Dive Brief:
- The growing number of consumers using digital alternatives like YouTube, Snapchat and Instagram to follow the Olympics is making it difficult for TV networks to recoup their spending on broadcast licensing fees, Fortune reports.
- While the International Olympic Committee estimates that the Rio 2016 Games' worldwide audience was about the same as London 2012, Comcast's NBC Universal said that its viewership was down 8.6%.
- “Instagram, Snapchat, YouTube, Facebook are all sucking the bejesus out of the market,” Steve Allen, a former advertising buyer for Japanese agency Dentsu, told Fortune. “They’re taking increasing shares (of the advertising revenue) and that share has to come from someone.”
Dive Insight:
While the linear TV Olympics audience for the Rio Games is expected to be similar to the 2012 London Games, those numbers are a drop from the 2008 Beijing Games. But just because overall viewership from this year is similar to four years ago doesn't mean that things haven't changed: Digital streaming and second screening activities have eaten into TV's Olympics dominance, with a growing number of consumers following the games on digital platforms.
While Comcast's NBCUniversal reports TV viewership of the games is significantly down, this year's Olympics boasted record numbers for digital live streaming. TV broadcasters in Europe were less concerned about the drop in viewership — at least partly because of the time zone difference between London and Rio.

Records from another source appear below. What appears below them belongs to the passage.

Lemma centered_intervals_bound (I : eqType) (s : seq I) (k : nat) (ctr rad : I -> R) sigma b :
  0 <= sigma -> (forall i, 0 <= rad i) -> (forall i, b <= ctr i - rad i * sigma) ->
  (forall w, (count (fun i => covers w (interval_around (ctr i) (rad i * sigma)%R)) s <= k)%nat) ->
  sigma * (\big[Rplus/0]_(i <- s) rad i) ^ 2 <=
  INR k * \big[Rplus/0]_(i <- s) (rad i * (ctr i - b)).
Proof.
move=> sigma_ge0 rad_ge0 b_le depth.
have sum_ge0 : 0 <= \big[Rplus/0]_(i <- s) (rad i * (ctr i - b)).
  apply: (big_ind (fun x => 0 <= x)) => [|x y|i _]; [lra|lra|].
  by have := b_le i; have := rad_ge0 i; nra.
have [->|sigma_gt0] := Req_dec sigma 0.
  by have := pos_INR k; rewrite Rmult_0_l; nra.
set J := fun i => interval_around (ctr i) (rad i * sigma).
have bJ : forall iv, iv \in map J s -> b <= iv.1 <= iv.2.
  by move=> _ /mapP [i _ ->] /=; have := b_le i; have := rad_ge0 i; nra.
have depthJ w : (count (covers w) (map J s) <= k)%nat by rewrite count_map; exact: depth.
have := sqr_sum_len_le_depth_moment bJ depthJ; rewrite !big_map.
have -> : \big[Rplus/0]_(i <- s) len (J i) = 2 * sigma * \big[Rplus/0]_(i <- s) rad i.
  by rewrite big_distrr; apply: eq_bigr => i _; rewrite /len /=; ring.
have -> : \big[Rplus/0]_(i <- s) moment b (J i) =
    4 * sigma * \big[Rplus/0]_(i <- s) (rad i * (ctr i - b)).
  by rewrite big_distrr; apply: eq_bigr => i _; rewrite /moment /len /=; ring.
move: (\big[Rplus/0]_(i <- s) rad i) (\big[Rplus/0]_(i <- s) (rad i * (ctr i - b))) sum_ge0 => T S.
have := pos_INR k; nra.
Qed.

Lemma dotDr d (v x y : point d) : dot v (vadd x y) = dot v x + dot v y.
Proof. by rewrite /dot -big_split; apply: eq_bigr => i _; rewrite /vadd /=; ring. Qed.

Lemma dotZr d (v x : point d) a : dot v (vscale a x) = a * dot v x.
Proof. by rewrite /dot big_distrr; apply: eq_bigr => i _; rewrite /vscale /=; ring. Qed.

Lemma dot0r d (v : point d) : dot v (@vzero d) = 0.
Proof. by rewrite /dot big1 // => i _; rewrite /vzero; ring. Qed.

Lemma dotC d (x y : point d) : dot x y = dot y x.
Proof. by apply: eq_bigr => i _; ring. Qed.

Lemma dot_sumr d (I : Type) (r : seq I) (v : point d) (F : I -> point d) :
  dot v (fun j => \big[Rplus/0]_(i <- r) F i j) = \big[Rplus/0]_(i <- r) dot v (F i).
Proof.
rewrite /dot (eq_bigr (fun j => \big[Rplus/0]_(i <- r) (v j * F i j))).
  exact: exchange_big.
by move=> j _; rewrite big_distrr.
Qed.

Lemma dot_self_gt0 d (x : point d) : x <> @vzero d -> 0 < dot x x.
Proof.
move=> x_neq0; have [j xj] : exists j, x j <> 0.
  apply: NNPP => nox; apply: x_neq0; apply: functional_extensionality => j.
  by apply: NNPP => xj; apply: nox; exists j.
rewrite /dot (bigD1 j) //=.
have rest_ge0 : 0 <= \big[Rplus/0]_(i | i != j) (x i * x i).
  by apply: (big_ind (fun y => 0 <= y)) => [|y z|i _]; [lra|lra|nra].
by apply: Rplus_lt_le_0_compat => //; nra.
Qed.

Lemma dot_comb d (y : point d) (l : seq (R * point d)) :
  dot y (comb l) = \big[Rplus/0]_(wp <- l) (wp.1 * dot y wp.2).
Proof.
elim: l => [|[w p] l IHl]; first by rewrite big_nil dot0r.
by rewrite big_cons /= dotDr dotZr IHl.
Qed.

Definition cone d (S : point d -> Prop) (b : point d) : Prop :=
  exists l : seq (R * point d),
    (forall wp, List.In wp l -> 0 <= fst wp /\ S (snd wp)) /\ b = comb l.

Lemma cone_mono d (S S' : point d -> Prop) b :
  (forall x, S x -> S' x) -> cone S b -> cone S' b.
Proof. by move=> SS' [l [lS ->]]; exists l; split=> // wp /lS [? /SS']. Qed.

Lemma cone_add d (S : point d -> Prop) c w q :
  cone S c -> 0 <= w -> S q -> cone S (vadd c (vscale w q)).
Proof.
move=> [l [lS ->]] w0 Sq; exists ((w, q) :: l); split.
  by move=> wp [<-|/lS //]; exact: conj.
by apply: functional_extensionality => j; rewrite /= /vadd /vscale; ring.
Qed.

Lemma cone_dot_ge0 d (S : point d -> Prop) y b :
  (forall x, S x -> 0 <= dot y x) -> cone S b -> 0 <= dot y b.
Proof.
move=> Sy [l [lS ->]]; rewrite dot_comb.
elim: l lS => [|[w p] l IHl] lS; first by rewrite big_nil; lra.
rewrite big_cons; have /= [w0 /Sy yp] := lS _ (or_introl erefl).
by have := IHl (fun wp lwp => lS wp (or_intror lwp)); rewrite /=; nra.
Qed.

Definition kernel_proj d (y q x : point d) : point d :=
  vadd x (vscale (- (dot y x / dot y q)) q).

Lemma dot_kernel_proj d (z y q x : point d) :
  dot z (kernel_proj y q x) = dot (vadd z (vscale (- (dot z q / dot y q)) y)) x.
Proof.
rewrite /kernel_proj dotDr dotZr [RHS]dotC dotDr dotZr.
by rewrite (dotC x z) (dotC x y) /Rdiv; ring.
Qed.

Lemma kernel_proj_lin d (y q x x' : point d) w :
  kernel_proj y q (vadd x (vscale w x')) =
  vadd (kernel_proj y q x) (vscale w (kernel_proj y q x')).
Proof.
rewrite /kernel_proj dotDr dotZr; apply: functional_extensionality => j.
by rewrite /vadd /vscale /Rdiv; ring.
Qed.

Lemma kernel_proj_self d (y q : point d) : dot y q <> 0 -> kernel_proj y q q = @vzero d.
Proof.
move=> yq; apply: functional_extensionality => j.
by rewrite /kernel_proj /vadd /vscale /vzero; field.
Qed.

Lemma cone_kernel_proj d (y q x : point d) (qs : seq (point d)) :
  cone (fun z => List.In z (map (kernel_proj y q) qs)) (kernel_proj y q x) ->
  exists c th, cone (fun z => List.In z qs) c /\ x = vadd c (vscale th q).
Proof.
move=> [l []]; elim: l x => [|[w p] l IHl] x lS E.
  exists (@vzero d), (dot y x / dot y q); split; first by exists nil.
  apply: functional_extensionality => j; have := equal_f E j.
  by rewrite /= /kernel_proj /vadd /vscale /vzero; lra.
have /= [w0 /List.in_map_iff [q' [pE q'qs]]] := lS _ (or_introl erefl); subst p.
have /IHl [|c [th [cc E']]] : kernel_proj y q (vadd x (vscale (- w) q')) = comb l.
- rewrite kernel_proj_lin E /=; apply: functional_extensionality => j.
  by rewrite /vadd /vscale; ring.
- by move=> wp lwp; apply: lS; right.
exists (vadd c (vscale w q')), th; split; first exact: cone_add.
apply: functional_extensionality => j; have := equal_f E' j.
by rewrite /vadd /vscale; lra.
Qed.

Social media platforms across the board added features to help users find and enjoy Olympic content, such as special filters offered by Facebook and Snapchat and custom emojis from Twitter. But marketers not on the official sponsor list were prohibited from using social media to take directly advantage of the games through the IOC’s Rule 40. The rule caused confusion among marketers about what they are and aren't allowed to say on social media during the Olympics.